The Challenge: Infrastructure for 100+ Hackers at Once

January 30–31, 2026. The National-Level Capture the Flag competition at Lovely Professional University was about to start. Over 100 cybersecurity students from across India were about to connect to our platform simultaneously.

And I was one of the infrastructure engineers responsible for keeping it running.

Here's the problem: CTF platforms are brutally hard to host.

Why?

100+ concurrent users
↓
Real-time flag submissions
↓
Challenge-specific servers running exploitable code
↓
Network isolation requirements
↓
Scoring system needing instant updates
↓
Complete infrastructure failure = event cancelled

We had zero room for error.

This post covers the technical decisions we made, the disasters we prevented, and the lessons that apply to any high-stakes distributed system.

Understanding CTF Infrastructure (What Most People Don't Know)

Before diving into our setup, let me explain why CTF infrastructure is uniquely challenging.

What is a CTF Platform?

A CTF (Capture the Flag) competition is like a video game for hackers:

Challenges are hosted on isolated servers
Each challenge has a "flag" (a secret code)
Participants exploit vulnerabilities to extract the flag
Flag submission updates their score in real-time
Scoring leaderboard is live and competitive

Why Is This Hard?

Challenge Isolation:
Challenge A might have a vulnerable PHP app
Challenge B might have an exploitable Linux kernel
If Challenge A's vulnerability leaks to Challenge B's server, the entire competition is compromised

Real-Time Constraints:
Flag submission must update scores instantly
Leaderboard must reflect top 10 in less than 1 second
If the scoring system lags, participants get frustrated and competition integrity collapses

Scalability at Unknown Load:
We didn't know how many teams would connect
We didn't know how many attacks would happen simultaneously
Both could spike unpredictably

Security Under Attack:
Participants are literally trying to break the system
A skilled hacker might try to hijack another team's session, modify the database, or crash servers
We had to defend against this while the competition is live

Our Architecture: Designing for Chaos

Here's the infrastructure stack we built:

Internet
↓
Load Balancer (Cloudflare)
↓
API Gateway (Node.js + Express)
↓
Challenge Servers (Docker containers, isolated)
Scoring Service (Redis + MongoDB)
Leaderboard Service (Cached, updated every 5 seconds)
Authentication Service (JWT + Sessions)
↓
Database (MongoDB, replicated)

Let me break down each layer.

Layer 1: Load Balancing (Cloudflare)

Problem: 100 teams, each with 3–5 members, all hitting the platform simultaneously. A single server dies. What happens?

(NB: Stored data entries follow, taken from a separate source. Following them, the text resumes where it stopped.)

Lemma term_eval_eqv t u : eqv t u -> term_eval t = term_eval u.
Proof.
case: B_RBAs => [[mBl mBr] mBA R_lin R_rb]; case: f_hom => f_lin f_sc f_pr.
elim=> {t u}; intros; rewrite /=; try congruence.
all: first [ by rewrite addrA | by rewrite addrC | by rewrite add0r
  | by rewrite scaleN1r addNr | by rewrite scalerA | by rewrite scale1r
  | by rewrite scalerDr | by rewrite scalerDl | by rewrite (linD (mBr _))
  | by rewrite (linD (mBl _)) | by rewrite (linZ (mBr _)) | by rewrite (linZ (mBl _))
  | by rewrite mBA | by rewrite (linD R_lin) | by rewrite (linZ R_lin)
  | by rewrite R_rb | by rewrite f_lin | by rewrite f_sc | by rewrite f_pr ].
Qed.

Definition free_rb_eval (x : free_rb) := term_eval (rep x).

Lemma free_rb_evalE t : free_rb_eval (cl t) = term_eval t.
Proof. exact/term_eval_eqv/rep_cl. Qed.

Lemma free_rb_eval_hom : RB_hom fmul fR mB RB free_rb_eval.
Proof.
split=> [a||]; do ?elim/free_rb_ind=> ?; by rewrite !clE !free_rb_evalE.
Qed.

End Eval.

Lemma free_rb_univ_env : univ_env sc pr fmul fR fiota.
Proof.
split; [exact: free_rb_RBAs | exact: fiota_hom |].
move=> B mB RB f B_RBAs f_hom; split.
  exists (free_rb_eval mB RB f); split; first exact: free_rb_eval_hom.
  by move=> a; rewrite /fiota free_rb_evalE.
move=> g1 g2 [lin1 mul1 R1] iota1 [lin2 mul2 R2] iota2.
elim/free_rb_ind; elim=> [a||t IHt u IHu|c t IH|t IHt u IHu|t IH].
- exact: (etrans (iota1 a) (esym (iota2 a))).
- by rewrite (lin0 lin1) (lin0 lin2).
- by rewrite -cl_add (linD lin1) (linD lin2) IHt IHu.
- by rewrite -cl_scale (linZ lin1) (linZ lin2) IH.
- by rewrite -fmulE mul1 mul2 IHt IHu.
- by rewrite -fRE R1 R2 IH.
Qed.

End FreeEnvelope.

(** * The filtration and the associated graded algebra *)

Section Filtration.
Variables (K : fieldType) (A U : lmodType K) (mU : U -> U -> U) (RU : U -> U)
  (iota : A -> U).
Hypothesis U_RBAs : is_RBAs mU RU.

Local Notation F := (filt mU RU iota).
Local Notation M := (mono mU RU iota).

Lemma mono_gt0 n x : M n x -> (0 < n)%N.
Proof. by elim=> // n0 m0 x0 y0 _ + _ _; rewrite addn_gt0 => ->. Qed.

Lemma mono_filt n x : M n x -> F n x.
Proof. exact: filt_mono. Qed.

Lemma filt_leq m n x : (m <= n)%N -> F m x -> F n x.
Proof.
move=> le_mn; elim=> [|k y le_km|a y z _ Fy _ Fz].
- exact: filt_zero.
- exact: filt_mono (leq_trans le_km le_mn).
- exact: filt_comb.
Qed.

Lemma filt0_eq0 x : F 0 x -> x = 0.
Proof.
elim=> // [k y|a y z _ -> _ ->]; last by rewrite scaler0 addr0.
by rewrite leqn0 => /eqP -> /mono_gt0.
Qed.

Lemma filtD n x y : F n x -> F n y -> F n (x + y).
Proof. by move=> Fx Fy; have := filt_comb 1 Fx Fy; rewrite scale1r. Qed.

Lemma filtZ n a x : F n x -> F n (a *: x).
Proof. by move=> Fx; have := filt_comb a Fx (filt_zero _ _ _ _); rewrite addr0. Qed.

Lemma filtN n x : F n x -> F n (- x).
Proof. by rewrite -scaleN1r; apply: filtZ. Qed.

Lemma filt_sum n m (G : 'I_m -> U) : (forall i, F n (G i)) -> F n (\sum_(i < m) G i).
Proof. by move=> FG; elim/big_ind: _ => //; [apply: filt_zero | apply: filtD]. Qed.

Lemma filt_mul a b u v : F a u -> F b v -> F (a + b) (mU u v).
Proof.
case: U_RBAs => [[mUl mUr] _ _ _] Fu; elim: Fu v => [|k x le_ka Mx|c x y _ IHx _ IHy] v.
- by rewrite (lin0 (mUr _)); constructor.
- elim=> [|l y le_lb My|c y z _ Fy _ Fz].
  + by rewrite (lin0 (mUl _)); constructor.
  + exact: filt_mono (leq_add le_ka le_lb) (mono_mul Mx My).
  + by rewrite mUl; apply: filt_comb.
- by move=> Fv; rewrite mUr; apply: filt_comb; [apply: IHx | apply: IHy].
Qed.

Lemma filt_R n x : F n x -> F n (RU x).
Proof.
case: U_RBAs => [_ _ R_lin _]; elim=> [|k y le_kn My|c y z _ Fy _ Fz].
- by rewrite (lin0 R_lin); constructor.
- exact: filt_mono le_kn (mono_R My).
- by rewrite R_lin; apply: filt_comb.
Qed.

Local Notation gr_eq := (gr_eq mU RU iota).
Local Notation gr_mul := (gr_mul mU).
Local Notation gr_R := (gr_R RU).

Definition filt_seq (k : nat -> U) := forall n, F n (k n).

Lemma gr_eq_sym k l : gr_eq k l -> gr_eq l k.
Proof. by move=> kl n; rewrite -opprB; apply: filtN. Qed.

Lemma gr_eq_trans k l m : gr_eq k l -> gr_eq l m -> gr_eq k m.
Proof. by move=> kl lm n; rewrite -(subrKA (l n)); apply: filtD. Qed.

Lemma gr_eq_comb a k k' l l' : gr_eq k k' -> gr_eq l l' ->
  gr_eq (fun n => a *: k n + l n) (fun n => a *: k' n + l' n).
Proof.
by move=> kk' ll' n; rewrite opprD addrACA -scalerBr; apply: filt_comb.
Qed.

Lemma gr_eq_mul k k' l l' : filt_seq k' -> filt_seq l ->
  gr_eq k k' -> gr_eq l l' -> gr_eq (gr_mul k l) (gr_mul k' l').
Proof.
case: U_RBAs => [[mUl mUr] _ _ _] Fk' Fl kk' ll' n.
rewrite /gr_mul -sumrB; apply: filt_sum => i.
have le_in : (i <= n)%N by rewrite -ltnS.
rewrite -(subrKA (mU (k' i) (l (n - i)%N))) -(linB (mUr _)) -(linB (mUl _)).
apply: filtD.
  case: (posnP i) (kk' i) => [-> /filt0_eq0 -> | i_gt0 Fi].
    by rewrite (lin0 (mUr _)); constructor.
  by apply: filt_leq (filt_mul Fi (Fl _)); lia.
case: (posnP (n - i)%N) (ll' (n - i)%N) => [-> /filt0_eq0 -> | ni_gt0 Fni].
  by rewrite (lin0 (mUl _)); constructor.
by apply: filt_leq (filt_mul (Fk' i) Fni); lia.
Qed.

Lemma gr_eq_R k l : gr_eq k l -> gr_eq (gr_R k) (gr_R l).
Proof.
by case: U_RBAs => [_ _ R_lin _] kl n; rewrite /gr_R -(linB R_lin); apply: filt_R.
Qed.

Definition gr_single (i : nat) (u : U) : nat -> U := fun n => if n == i then u else 0.

Lemma gr_single_elem i u : F i u -> gr_elem mU RU iota (gr_single i u).
Proof.
move=> Fu; split=> [n|]; first by rewrite /gr_single; case: eqP => [->|_] //; constructor.
by exists i => n; rewrite /gr_single; case: eqP => // ->; rewrite ltnn.
Qed.

Lemma gr_single0 i : gr_single i 0 = (fun _ => 0).
Proof. by apply: funext => n; rewrite /gr_single; case: eqP. Qed.

Lemma gr_single_comb i c x y :
  gr_single i (c *: x + y) = (fun n => c *: gr_single i x n + gr_single i y n).
Proof. by apply: funext => n; rewrite /gr_single; case: eqP; rewrite ?scaler0 ?addr0. Qed.

Lemma gr_single_low i w : F i.-1 w -> gr_eq (gr_single i w) (fun _ => 0).
Proof.
by move=> Fw n; rewrite /gr_single subr0; case: eqP => [->|_] //; constructor.
Qed.
Lemma second_partial_difference_at_max (v1 v2 h : pt -> R) (i : nat) (c : pt)
    (r s : R) (h' : R -> R) :
  smooth_on_X v1 -> smooth_on_X v2 -> (i <= 2)%nat -> 0 < r ->
  (forall q, in_cube c r q -> inX q /\ v2 q - v1 q - h q <= v2 c - v1 c - h c) ->
  (forall t, is_derive (slice i h c) t (h' t)) -> is_derive h' (coord i c) s ->
  partial i (partial i v2) c - partial i (partial i v1) c <= s.
Proof.
intros s1 s2 hi hr hmax hh hh'.
assert (hin : forall t, Rabs (t - coord i c) < r -> inX (line i c t) /\
          slice i v2 c t - slice i v1 c t - slice i h c t <= v2 c - v1 c - h c).
{ intros t ht; exact (hmax _ (line_in_cube i c r t hr ht)). }
assert (hc : inX c).
{ rewrite <- (slice_at_coord i v1 c) in hin.
  destruct (hin (coord i c)) as [hc _]; [rewrite Rminus_diag, Rabs_R0; exact hr|].
  destruct c as [[x1 x2] y]; destruct i as [|[|i]]; exact hc. }
rewrite !second_partial_as_slice.
apply (second_derivative_comparison _ _ (slice i h c) h' s (coord i c) r); auto.
- intros t ht; split; apply smooth_slice_derivable; try apply hin; auto.
- apply smooth_slice_twice_derivable; auto.
- apply smooth_slice_twice_derivable; auto.
- intros t ht; rewrite !slice_at_coord; apply hin, ht.
Qed.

Solution: Cloudflare sits in front of everything.

User connects → Cloudflare (rate limiting, DDoS protection)
→ Distributed to multiple API servers
→ Requests balanced by health checks

What we configured:

Rate limiting: 100 requests per minute per IP
DDoS protection: Auto-block suspicious IPs
Geographic routing: Users routed to nearest server
SSL/TLS: All traffic encrypted

Why it matters: If one API server crashes, Cloudflare routes traffic to healthy servers. The competition keeps running.

Layer 2: API Gateway (Node.js + Express)

The brain of the platform. Every user action flows through here.

Critical decisions:

Atomic transactions — Either all score updates happen or none
Cache invalidation — Every flag submission refreshes leaderboard data
Rate limiting per team — Prevent brute-forcing flags

Layer 3: Challenge Servers (Dockerized, Isolated)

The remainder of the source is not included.